Information given section start
(* Let $w$ be a permutation with $\{k,k+1\}\subseteq\textsf{supp}(w)$. Then exactly one of the following holds: (i) $w$ has a reduced word of the form $\cdots k\cdots(k+1)\cdots k\cdots$ or of the form $\cdots(k+1)\cdots k\cdots(k+1)\cdots$; (ii) $w$ has a reduced word of the form (a word in letters $\le k$)(a word in letters $\ge k+1$) or of the form (a word in letters $\ge k+1$)(a word in letters $\le k$).
   Context: $\sigma_i=(i,i+1)$; reduced words are sequences of subscripts of reduced expressions of a permutation as products of the $\sigma_i$. $\textsf{supp}(w)$ is the set of letters appearing in reduced words of $w$. *)

From mathcomp Require Import all_boot all_fingroup.
Set Implicit Arguments. Unset Strict Implicit. Unset Printing Implicit Defensive.

Local Open Scope group_scope.

(* Simple transposition sigma_i = (i, i+1), letters i numbered 1..n-1 acting on
   {1..n}; since 'I_n = {0..n-1}, sigma_i swaps the ordinals i-1 and i.
   (For letters outside 1..n-1 the value is irrelevant: words are required to be valid.) *)
Definition sigma (n i : nat) : 'S_n :=
  match (insub i.-1 : option 'I_n), (insub i : option 'I_n) with
  | Some a, Some b => tperm a b
  | _, _ => 1
  end.

Definition valid_word (n : nat) (a : seq nat) : bool :=
  all (fun i => (0 < i) && (i < n)) a.

Definition word_perm (n : nat) (a : seq nat) : 'S_n :=
  \prod_(i <- a) sigma n i.

Definition reduced_word (n : nat) (w : 'S_n) (a : seq nat) : Prop :=
  [/\ valid_word n a, word_perm n a = w &
      forall b, valid_word n b -> word_perm n b = w -> size a <= size b].

Definition supp (n : nat) (w : 'S_n) (i : nat) : Prop :=
  exists a, reduced_word w a /\ i \in a.

(* Read p : 'S_n in one-line notation, [p x] being the entry at position [x]; then
   [p * sigma n i] exchanges the entries [i.-1] and [i].  Counting inversions shows
   that in a reduced word every letter [i], when it is read, finds [i.-1] to the left
   of [i].

   If a reduced word contains both k.+1 ... k and k ... k.+1 as subsequences, it
   contains k k.+1 k or k.+1 k k.+1; otherwise its letters <= k and >= k.+1 can be
   separated, since {k, k.+1} is the only non-commuting pair across the two blocks.

   For exclusivity, let [lows_left w] say that every entry below k sits at a position
   <= k.  A word (letters <= k)(letters >= k.+1) yields such a w.  Along a reduced
   word containing k.+1 ... k, the letter k.+1 establishes "if [lows_left] then the
   entry k sits right of position k" (by pigeonhole), later letters preserve this, the
   letter k then destroys [lows_left], and no later letter restores it.  The mirror
   case follows by passing to w^-1 and reversed words. *)

From mathcomp Require Import all_boot all_order all_fingroup zify.
Set Implicit Arguments. Unset Strict Implicit. Unset Printing Implicit Defensive.
Local Open Scope group_scope.

Lemma subseq_pairP (T : eqType) (x y : T) s :
  subseq [:: x; y] s -> exists c1 c2 c3, s = c1 ++ x :: c2 ++ y :: c3.
Proof.
elim: s => [|z s IH] //=; case: eqP => [<-|_].
  by rewrite sub1seq => /splitPr[c2 c3]; exists [::], c2, c3.
by move=> /IH[c1 [c2 [c3 ->]]]; exists (z :: c1), c2, c3.
Qed.

Lemma subseq_pair_rev (T : eqType) (x y : T) s :
  subseq [:: x; y] (rev s) = subseq [:: y; x] s.
Proof. by rewrite -(subseq_rev [:: y; x]). Qed.

Lemma subseq_both_orders (T : eqType) (x y : T) s : x != y ->
  subseq [:: x; y] s -> subseq [:: y; x] s -> subseq [:: x; y; x] s || subseq [:: y; x; y] s.
Proof.
move=> x_ne_y; elim: s => [|z s IH] //=.
have y_ne_x : (y == x) = false by rewrite eq_sym (negbTE x_ne_y).
have [<-|_] := eqVneq x z; first by rewrite /= y_ne_x => _ ->.
have [_|_] := eqVneq y z; last exact: IH.
by rewrite /= => -> _; rewrite orbT.
Qed.

Lemma subseq_alternating (T : eqType) (x y : T) s :
  subseq [:: x; y; x] s -> subseq [:: x; y] s && subseq [:: y; x] s.
Proof.
move=> xyx; rewrite !(subseq_trans _ xyx) ?subseq_cons //.
exact: (prefix_subseq [:: x; y] [:: x]).
Qed.

Lemma sigma_tperm_succ n (A B : 'I_n) : B = A.+1 :> nat -> sigma n B = tperm A B.
Proof.
move=> AB; rewrite /sigma AB /=.
case: insubP => [A' _ A'E|]; last by rewrite ltn_ord.
case: insubP => [B' _ B'E|]; last by rewrite -AB ltn_ord.
by congr tperm; apply: val_inj; rewrite ?A'E ?B'E.
Qed.

Lemma sigma_tperm n i : 0 < i < n ->
  exists A B : 'I_n, [/\ B = A.+1 :> nat, B = i :> nat & sigma n i = tperm A B].
Proof.
case/andP=> i_gt0 i_lt_n; have predi_lt_n : i.-1 < n by rewrite (leq_ltn_trans (leq_pred i)).
set A := Ordinal predi_lt_n; set B := Ordinal i_lt_n.
have AB : B = A.+1 :> nat by rewrite /= prednK.
by exists A, B; split; rewrite // -(sigma_tperm_succ AB).
Qed.

Lemma sigma_out n i : ~~ (0 < i < n) -> sigma n i = 1.
Proof.
move=> i_out; rewrite /sigma; case: insubP => [A _ AE|//]; case: insubP => [B iB BE|//].
have i0 : i = 0 by move: i_out; rewrite iB andbT -eqn0Ngt => /eqP.
by rewrite (_ : A = B) ?tperm1 //; apply: val_inj; rewrite AE BE i0.
Qed.

Lemma sigmaV n i : (sigma n i)^-1 = sigma n i.
Proof.
have [/sigma_tperm[A [B [_ _ ->]]]|/sigma_out->] := boolP (0 < i < n).
  exact: tpermV.
exact: invg1.
Qed.

Lemma sigma_fix n i (x : 'I_n) : x <> i.-1 :> nat -> x <> i :> nat -> sigma n i x = x.
Proof.
move=> x_ne_predi x_ne_i; have [/sigma_tperm[A [B [AB BE ->]]]|/sigma_out->] := boolP (0 < i < n).
  by apply: tpermD; apply/eqP => /(congr1 val) /=; lia.
by rewrite perm1.
Qed.

Lemma sigma_commute n i j : j.+2 <= i -> commute (sigma n i) (sigma n j).
Proof.
move=> far; have [/sigma_tperm[A [B [AB BE ->]]]|/sigma_out->] := boolP (0 < i < n); last first.
  exact: commute_sym (commute1 _).
have [/sigma_tperm[C [D [CD DE ->]]]|/sigma_out->] := boolP (0 < j < n); last exact: commute1.
apply/commgP/conjg_fixP; rewrite tpermJ !tpermD //; apply/eqP => /(congr1 val) /=; lia.
Qed.

Lemma word_perm_nil n : word_perm n [::] = 1.
Proof. by rewrite /word_perm big_nil. Qed.

Lemma word_perm_cons n i a : word_perm n (i :: a) = sigma n i * word_perm n a.
Proof. by rewrite /word_perm big_cons. Qed.

Lemma word_perm_cat n a b : word_perm n (a ++ b) = word_perm n a * word_perm n b.
Proof. by rewrite /word_perm big_cat. Qed.

Lemma word_perm_rcons n a i : word_perm n (rcons a i) = word_perm n a * sigma n i.
Proof. by rewrite -cats1 word_perm_cat word_perm_cons word_perm_nil mulg1. Qed.

Lemma word_perm_rev n a : word_perm n (rev a) = (word_perm n a)^-1.
Proof.
elim: a => [|i a IH]; first by rewrite word_perm_nil invg1.
by rewrite rev_cons word_perm_rcons IH word_perm_cons invMg sigmaV.
Qed.

Lemma commute_word_perm n g a :
  {in a, forall i, commute g (sigma n i)} -> commute g (word_perm n a).
Proof.
move=> g_comm; rewrite /word_perm big_seq.
by apply: big_ind => //; [exact: commute1 | exact: commuteM].
Qed.

Lemma word_perm_fix n a (x : 'I_n) :
  {in a, forall i, x <> i.-1 :> nat /\ x <> i :> nat} -> word_perm n a x = x.
Proof.
move=> x_far; rewrite /word_perm big_seq.
apply: (big_ind (fun g : 'S_n => g x = x)) => [|g h gx hx|i /x_far[]]; last exact: sigma_fix.
  exact: perm1.
by rewrite permM gx hx.
Qed.

Lemma word_perm_partition n (P : pred nat) a :
  (forall x y, subseq [:: x; y] a -> ~~ P x -> P y -> commute (sigma n x) (sigma n y)) ->
  word_perm n a = word_perm n (filter P a) * word_perm n (filter (predC P) a).
Proof.
elim: a => [|z a IH] comm /=; first by rewrite !word_perm_nil mulg1.
have comm_a x y : subseq [:: x; y] a -> ~~ P x -> P y -> commute (sigma n x) (sigma n y).
  by move=> xy; apply: comm; apply: subseq_trans xy (subseq_cons _ _).
case Pz: (P z); rewrite /= !word_perm_cons IH // !mulgA //; congr (_ * _).
apply: commute_word_perm => y; rewrite mem_filter => /andP[Py ya].
by apply: comm; rewrite ?Pz //= eqxx sub1seq.
Qed.

Lemma reduced_word_prefix n (w : 'S_n) c d :
  reduced_word w (c ++ d) -> reduced_word (word_perm n c) c.
Proof.
case=> valid_cd <- min_cd; move: valid_cd; rewrite /valid_word all_cat => /andP[valid_c valid_d].
split=> // b valid_b bE; rewrite -(leq_add2r (size d)) -!size_cat.
apply: min_cd; last by rewrite !word_perm_cat bE.
by rewrite /valid_word all_cat; apply/andP.
Qed.
Lemma dotv_eq0 k (x : 'cV[R]_k) : (dotv x x == 0) = (x == 0).
Proof.
apply/idP/idP => [|/eqP ->]; last by rewrite mulmx0 mxE.
rewrite mxE psumr_eq0 => [/allP x0|i _]; last by rewrite !mxE -expr2 sqr_ge0.
apply/eqP/matrixP => i j; rewrite ord1 mxE.
by have /implyP/(_ isT) := x0 i (mem_index_enum i); rewrite !mxE -expr2 sqrf_eq0 => /eqP.
Qed.

Lemma dotv_gt0 k (x : 'cV[R]_k) : x != 0 -> 0 < dotv x x.
Proof. by move=> x_neq0; rewrite lt_def dotv_eq0 x_neq0 dotv_ge0. Qed.

Lemma quadratic_ge0_discr (a b c : R) : 0 <= c ->
  (forall s, 0 <= a + 2 * s * b + s ^+ 2 * c) -> b ^+ 2 <= a * c.
Proof.
move=> c_ge0 q_ge0; have [c0|c_neq0] := eqVneq c 0.
  have [b0|b_neq0] := eqVneq b 0; first by rewrite b0 c0 expr0n mulr0.
  have := q_ge0 (- (a + 1) / (2 * b)); rewrite c0 mulr0 addr0.
  have -> : 2 * (- (a + 1) / (2 * b)) * b = - (a + 1) by field.
  lra.
have := q_ge0 (- b / c).
have -> : a + 2 * (- b / c) * b + (- b / c) ^+ 2 * c = a - b ^+ 2 / c by field.
by rewrite subr_ge0 ler_pdivrMr // lt_def c_neq0.
Qed.

Lemma cauchy_schwarz k (G : 'M[R]_k) (x z : 'cV_k) :
  G^T = G -> (forall w : 'cV_k, 0 <= qform G w w) ->
  qform G x z ^+ 2 <= qform G x x * qform G z z.
Proof.
move=> G_sym G_psd; apply: quadratic_ge0_discr => // s.
by rewrite -qform_line.
Qed.

Lemma cauchy_schwarz_dotv k (x z : 'cV[R]_k) : dotv x z ^+ 2 <= dotv x x * dotv z z.
Proof.
have := @cauchy_schwarz k 1%:M x z (trmx1 _ _); rewrite !mulmx1.
by apply=> w; rewrite mulmx1 dotv_ge0.
Qed.

End QuadraticForms.

Section SpectralBound.
Local Open Scope sesquilinear_scope.

Lemma eigenvalue_spectral_diag (C : numClosedFieldType) n (A : 'M[C]_n) i :
  A \is normalmx -> eigenvalue A (spectral_diag A 0 i).
Proof.
move=> /orthomx_spectralP A_eq; set P := spectralmx A in A_eq.
have P_unit : P \in unitmx := spectral_unit A.
apply/eigenvalueP; exists (row i P).
  by rewrite {1}A_eq rowE !mulmxA mulmxK // -[_ *m diag_mx _]rowE row_diag_mx -scalemxAl.
apply: contraNneq (oner_neq0 C) => /(congr1 (mulmx^~ (invmx P))).
rewrite rowE mulmxK // mul0mx => /matrixP /(_ 0 i).
by rewrite !mxE !eqxx => /eqP.
Qed.

Lemma hermitian_form_le (C : numClosedFieldType) n (A : 'M[C]_n) (t : C) :
  A \is hermsymmx -> (forall mu, eigenvalue A mu -> mu \is Num.real -> mu <= t) ->
  forall x : 'cV[C]_n, (x ^t* *m A *m x) 0 0 <= t * (x ^t* *m x) 0 0.
Proof.
move=> A_herm A_le x; have A_normal := hermitian_normalmx A_herm.
have /orthomx_spectralP A_eq := A_normal.
have d_real := hermitian_spectral_diag_real A_herm.
set P := spectralmx A in A_eq; set d := spectral_diag A in A_eq d_real.
have P_unitary : P \is unitarymx := spectral_unitarymx A.
set y := P *m x.
have conj_y M : x ^t* *m (P ^t* *m M *m P) *m x = y ^t* *m M *m y.
  by rewrite /y trmx_mul map_mxM !mulmxA.
have -> : x ^t* *m x = y ^t* *m y.
  by rewrite -[y ^t*]mulmx1 -conj_y mulmx1 -invmx_unitary // mulVmx ?unitarymx_unit // mulmx1.
rewrite A_eq invmx_unitary // conj_y; clearbody y.
rewrite mul_mx_diag !mxE mulr_sumr.
apply: ler_sum => j _; rewrite !mxE mulrAC [t * _]mulrC ler_wpM2l //.
  by rewrite mulrC mul_conjC_ge0.
by apply: A_le; [exact: eigenvalue_spectral_diag | exact: (mxOverP d_real)].
Qed.
(* (a) The minimal Lagrangian fibres of a cohomogeneity-1 toric Kähler metric on $\mathbb{CP}^2$ sit above the diagonal $\triangle=\{x_1=x_2\}$ in the standard simplex $P$. (b) A cohomogeneity-1 toric Kähler metric on $\mathbb{CP}^2$ which is analytic admits a finite set of minimal Lagrangian fibres. (c) There is a (non-analytic) cohomogeneity-1 toric Kähler metric on $\mathbb{CP}^2$ which admits a continuum of minimal Lagrangian fibres. (d) Given a finite subset $\{p_1,\dots,p_k\}\subset \mathrm{int}\, P\cap \triangle$, there is a cohomogeneity-1 toric Kähler metric on $\mathbb{CP}^2$ whose set of minimal Lagrangian fibres is precisely (the set of fibres over) $\{p_1,\dots,p_k\}$.
   Context: $\mathbb{CP}^2$ is regarded as a toric manifold with moment map $\mu$ whose moment polytope is the standard simplex $P=\{x\in\mathbb{R}^2: l_i(x)\ge 0\}$, with $l_1(x)=x_1$, $l_2(x)=x_2$, $l_3(x)=1-x_1-x_2$. Toric Kähler metrics are described in action-angle coordinates $(x,\theta)$ by a symplectic potential $u$ on $P$, with $g=u_{ij}\,dx^i dx^j+u^{ij}\,d\theta^i d\theta^j$, where $u_{ij}=\partial^2 u/\partial x^i\partial x^j$ and $(u^{ij})$ is its inverse; $u-u_G$ is smooth on a neighbourhood of $P$, where $u_G=\tfrac12\sum_i(l_i\log l_i-l_i)$ is the Guillemin potential. A cohomogeneity-1 toric Kähler metric on $\mathbb{CP}^2$ is one whose symplectic potential has the form $u(x)=u_G(x)+\tfrac12 f(x_1+x_2)$ for a function $f$ of one variable (positivity of the Hessian amounts to $f''(t)>-\frac{1}{t(t-1)}$ for $0<t<1$). A fibre $\mu^{-1}(x)$, $x\in\mathrm{int}\,P$, is a minimal Lagrangian torus if and only if $x$ is a critical point of the orbital volume function $V=(\det \mathrm{Hess}(u))^{-1/2}$ (equivalently of $\log\det\mathrm{Hess}(u)$); ''minimal Lagrangian fibres'' refers to such fibres. *)

From Stdlib Require Import Reals Lra List.
From Coquelicot Require Import Coquelicot.
Open Scope R_scope.

Definition l1 (x : R * R) : R := fst x.
Definition l2 (x : R * R) : R := snd x.
Definition l3 (x : R * R) : R := 1 - fst x - snd x.

Definition int_simplex (x : R * R) : Prop := 0 < l1 x /\ 0 < l2 x /\ 0 < l3 x.

Definition on_diagonal (x : R * R) : Prop := fst x = snd x.

Definition uG (x : R * R) : R :=
  / 2 * ((l1 x * ln (l1 x) - l1 x) + (l2 x * ln (l2 x) - l2 x)
         + (l3 x * ln (l3 x) - l3 x)).

Definition upot (f : R -> R) (x : R * R) : R :=
  uG x + / 2 * f (fst x + snd x).

Definition d11 (u : R * R -> R) (x : R * R) : R :=
  Derive (fun s => Derive (fun r => u (r, snd x)) s) (fst x).
Definition d22 (u : R * R -> R) (x : R * R) : R :=
  Derive (fun s => Derive (fun r => u (fst x, r)) s) (snd x).
Definition d12 (u : R * R -> R) (x : R * R) : R :=
  Derive (fun s => Derive (fun r => u (r, s)) (fst x)) (snd x).
Definition d21 (u : R * R -> R) (x : R * R) : R :=
  Derive (fun s => Derive (fun r => u (s, r)) (snd x)) (fst x).

Definition hess_posdef (u : R * R -> R) (x : R * R) : Prop :=
  forall v1 v2 : R, (v1, v2) <> (0, 0) ->
    0 < d11 u x * v1 * v1 + d12 u x * v1 * v2 + d21 u x * v2 * v1
        + d22 u x * v2 * v2.

Definition det_hess (u : R * R -> R) (x : R * R) : R :=
  d11 u x * d22 u x - d12 u x * d21 u x.

Definition orbital_volume (u : R * R -> R) (x : R * R) : R :=
  / sqrt (det_hess u x).

Definition smooth_on (f : R -> R) (a b : R) : Prop :=
  forall (n : nat) (t : R), a < t < b -> ex_derive_n f n t.

Definition analytic_on (f : R -> R) (a b : R) : Prop :=
  forall t : R, a < t < b ->
    exists r : R, 0 < r /\ exists c : nat -> R,
      forall y : R, Rabs (y - t) < r -> is_pseries c (y - t) (f y).
(* Along t |-> Psi(t, phi), h is the quadratic form z^T M z in
   z = (cos at, -sin at cos b phi, -sin at sin b phi), whose slope at t = 0 is
   -2a (M10 cos b phi + M20 sin b phi).  Invariance under diagonal unitaries kills
   the diagonal of Im grad h(I), and the slopes for all phi then bound the rest:
   |grad h(I)|^2 <= 2 a^2 s with s = M10^2 + M20^2.  At the target point
   (t0, phi0) we have |Psi - I|^2 = 4 (1 - cos t0) <= 8 sin^2 (a t0) = 8 (1 - w0^2)
   and h(Psi) - h(I) = l1 - M00.
   For the spectral side, Cayley-Hamilton shows that the product T of any two
   factors M - l of the characteristic polynomial is symmetric with T^2 = k T,
   so (M - l1)(M - l2) >= 0, (M - l1)(M - l3) <= 0 and
   (M - l2)(M - l3) = (l1 - l2)(l1 - l3) w w^T.  Their (0,0) entries give
   s <= (l1 - l3)(l1 - M00) and (l1 - l2)(1 - w0^2) <= l1 - M00, hence with the
   gap eps (l1 - l3) <= l1 - l2 we get eps^2 s (1 - w0^2) <= (l1 - M00)^2, which
   is the square of the claim. *)

Lemma sum_ord2 (V : nmodType) (F : 'I_2 -> V) : \sum_i F i = F 0 + F 1.
Proof. by rewrite !big_ord_recl big_ord0 addr0; congr (F _ + F _); exact: val_inj. Qed.

Lemma sum_ord3 (V : nmodType) (F : 'I_3 -> V) : \sum_i F i = F 0 + F 1 + F 2.
Proof.
by rewrite !big_ord_recl big_ord0 addr0 addrA; congr (F _ + F _ + F _); exact: val_inj.
Qed.

Lemma det_mx33 (R : comNzRingType) (A : 'M[R]_3) : \det A =
  A 0 0 * (A 1 1 * A 2 2 - A 1 2 * A 2 1)
  - A 0 1 * (A 1 0 * A 2 2 - A 1 2 * A 2 0)
  + A 0 2 * (A 1 0 * A 2 1 - A 1 1 * A 2 0).
Proof.
rewrite (expand_det_row _ 0) !big_ord_recl big_ord0 /cofactor.
rewrite !(expand_det_row _ 0) !big_ord_recl !big_ord0 /cofactor !det_mx11 !mxE /=.
pose g (i j : nat) := A (inord i) (inord j).
have Ag (i j : 'I_3) : A i j = g i j by rewrite /g !inord_val.
by rewrite !Ag /= !expr0 !expr1 !expr2 /g; ring.
Qed.

Lemma horner_char_poly (R : comNzRingType) n (A : 'M[R]_n) t :
  (char_poly A).[t] = \det (t%:M - A).
Proof.
rewrite /char_poly -[_.[t]]/(horner_eval t _) -det_map_mx; congr (\det _).
apply/matrixP => i j; rewrite !mxE /= rmorphB rmorphMn /=.
by rewrite !horner_evalE hornerX hornerC.
Qed.

Lemma mulmx_subr_scalar (R : comNzRingType) n (A : 'M[R]_n) a b :
  (A - a%:M) *m (A - b%:M) = A *m A - (a + b) *: A + (a * b)%:M.
Proof.
rewrite mulmxBl !mulmxBr mul_mx_scalar !mul_scalar_mx scale_scalar_mx.
by apply/matrixP => i j; rewrite !mxE; ring.
Qed.

Lemma mulmx_subr_scalar_eigen (R : comNzRingType) n (A : 'M[R]_n) (v : 'cV[R]_n) l a :
  A *m v = l *: v -> (A - a%:M) *m v = (l - a) *: v.
Proof. by move=> Av; rewrite mulmxBl Av mul_scalar_mx scalerBl. Qed.

Section SymmetricMatrices.
Variables (R : realFieldType) (n : nat).
Implicit Types Z : 'M[R]_n.

Lemma mulmx_sym_diag Z i : Z^T = Z -> (Z *m Z) i i = \sum_j Z j i ^+ 2.
Proof. by move=> ZT; rewrite mxE; apply: eq_bigr => j _; rewrite expr2 -{1}ZT mxE. Qed.

Lemma sym_mulmx_scale_diag_ge0 Z k i :
  Z^T = Z -> 0 <= k -> Z *m Z = k *: Z -> 0 <= Z i i.
Proof.
move=> ZT k_ge0 ZZ; have := mulmx_sym_diag i ZT; rewrite ZZ mxE.
have sq_ge0 : 0 <= \sum_j Z j i ^+ 2 by apply: sumr_ge0 => j _; exact: sqr_ge0.
case: ltrgt0P k_ge0 => // [k_gt0 | ->] _.
  by move=> ZZi; rewrite -(pmulr_rge0 _ k_gt0) ZZi.
rewrite mul0r => /esym/eqP; rewrite psumr_eq0 => [|j _]; last exact: sqr_ge0.
by move=> /allP/(_ i (mem_index_enum _)); rewrite /= sqrf_eq0 => /eqP ->.
Qed.

Lemma sym_mxtrace_sqr_eq0 Z : Z^T = Z -> \tr (Z *m Z) = 0 -> Z = 0.
Proof.
move=> ZT; rewrite /mxtrace; under eq_bigr do rewrite mulmx_sym_diag //.
move=> /eqP; rewrite psumr_eq0 => [/allP Z0|i _]; last first.
  by apply: sumr_ge0 => j _; exact: sqr_ge0.
apply/matrixP => i j; rewrite mxE.
move: (Z0 j (mem_index_enum _)); rewrite /= psumr_eq0 => [|k _]; last exact: sqr_ge0.
by move=> /allP/(_ i (mem_index_enum _)); rewrite /= sqrf_eq0 => /eqP.
Qed.

End SymmetricMatrices.

Lemma mxtrace_char_poly3 (R : realFieldType) (M : 'M[R]_3) l1 l2 l3 :
  char_poly M = ('X - l1%:P) * ('X - l2%:P) * ('X - l3%:P) ->
  \tr ((M - l2%:M) *m (M - l3%:M)) = (l1 - l2) * (l1 - l3).
Proof.
move=> charM.
have det_char t : \det (t%:M - M) = (t - l1) * (t - l2) * (t - l3).
  by rewrite -horner_char_poly charM !hornerE.
have := det_char 0; have := det_char 1; have := det_char (-1).
rewrite mulmx_subr_scalar /mxtrace sum_ord3 !det_mx33 !mxE !sum_ord3 /=.
rewrite !mulr1n !mulr0n => detN1 det1 det0.
set e1 := M 0 0 + M 1 1 + M 2 2.
set e2 := M 0 0 * M 1 1 + M 0 0 * M 2 2 + M 1 1 * M 2 2
  - M 0 1 * M 1 0 - M 0 2 * M 2 0 - M 1 2 * M 2 1.
transitivity (e1 ^+ 2 - 2 * e2 - (l2 + l3) * e1 + 3 * l2 * l3).
  by rewrite /e1 /e2; ring.
have -> : e1 = l1 + l2 + l3 by rewrite /e1; lra.
have -> : e2 = l1 * l2 + l1 * l3 + l2 * l3 by rewrite /e2; lra.
ring.
Qed.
Information given section end
Required action:
Can you write out the lines above, from the first one through the one containing "For exclusivity, let", exactly as they appear and nothing more?

Task solution:
(* Let $w$ be a permutation with $\{k,k+1\}\subseteq\textsf{supp}(w)$. Then exactly one of the following holds: (i) $w$ has a reduced word of the form $\cdots k\cdots(k+1)\cdots k\cdots$ or of the form $\cdots(k+1)\cdots k\cdots(k+1)\cdots$; (ii) $w$ has a reduced word of the form (a word in letters $\le k$)(a word in letters $\ge k+1$) or of the form (a word in letters $\ge k+1$)(a word in letters $\le k$).
   Context: $\sigma_i=(i,i+1)$; reduced words are sequences of subscripts of reduced expressions of a permutation as products of the $\sigma_i$. $\textsf{supp}(w)$ is the set of letters appearing in reduced words of $w$. *)

From mathcomp Require Import all_boot all_fingroup.
Set Implicit Arguments. Unset Strict Implicit. Unset Printing Implicit Defensive.

Local Open Scope group_scope.

(* Simple transposition sigma_i = (i, i+1), letters i numbered 1..n-1 acting on
   {1..n}; since 'I_n = {0..n-1}, sigma_i swaps the ordinals i-1 and i.
   (For letters outside 1..n-1 the value is irrelevant: words are required to be valid.) *)
Definition sigma (n i : nat) : 'S_n :=
  match (insub i.-1 : option 'I_n), (insub i : option 'I_n) with
  | Some a, Some b => tperm a b
  | _, _ => 1
  end.

Definition valid_word (n : nat) (a : seq nat) : bool :=
  all (fun i => (0 < i) && (i < n)) a.

Definition word_perm (n : nat) (a : seq nat) : 'S_n :=
  \prod_(i <- a) sigma n i.

Definition reduced_word (n : nat) (w : 'S_n) (a : seq nat) : Prop :=
  [/\ valid_word n a, word_perm n a = w &
      forall b, valid_word n b -> word_perm n b = w -> size a <= size b].

Definition supp (n : nat) (w : 'S_n) (i : nat) : Prop :=
  exists a, reduced_word w a /\ i \in a.

(* Read p : 'S_n in one-line notation, [p x] being the entry at position [x]; then
   [p * sigma n i] exchanges the entries [i.-1] and [i].  Counting inversions shows
   that in a reduced word every letter [i], when it is read, finds [i.-1] to the left
   of [i].

   If a reduced word contains both k.+1 ... k and k ... k.+1 as subsequences, it
   contains k k.+1 k or k.+1 k k.+1; otherwise its letters <= k and >= k.+1 can be
   separated, since {k, k.+1} is the only non-commuting pair across the two blocks.

   For exclusivity, let [lows_left w] say that every entry below k sits at a position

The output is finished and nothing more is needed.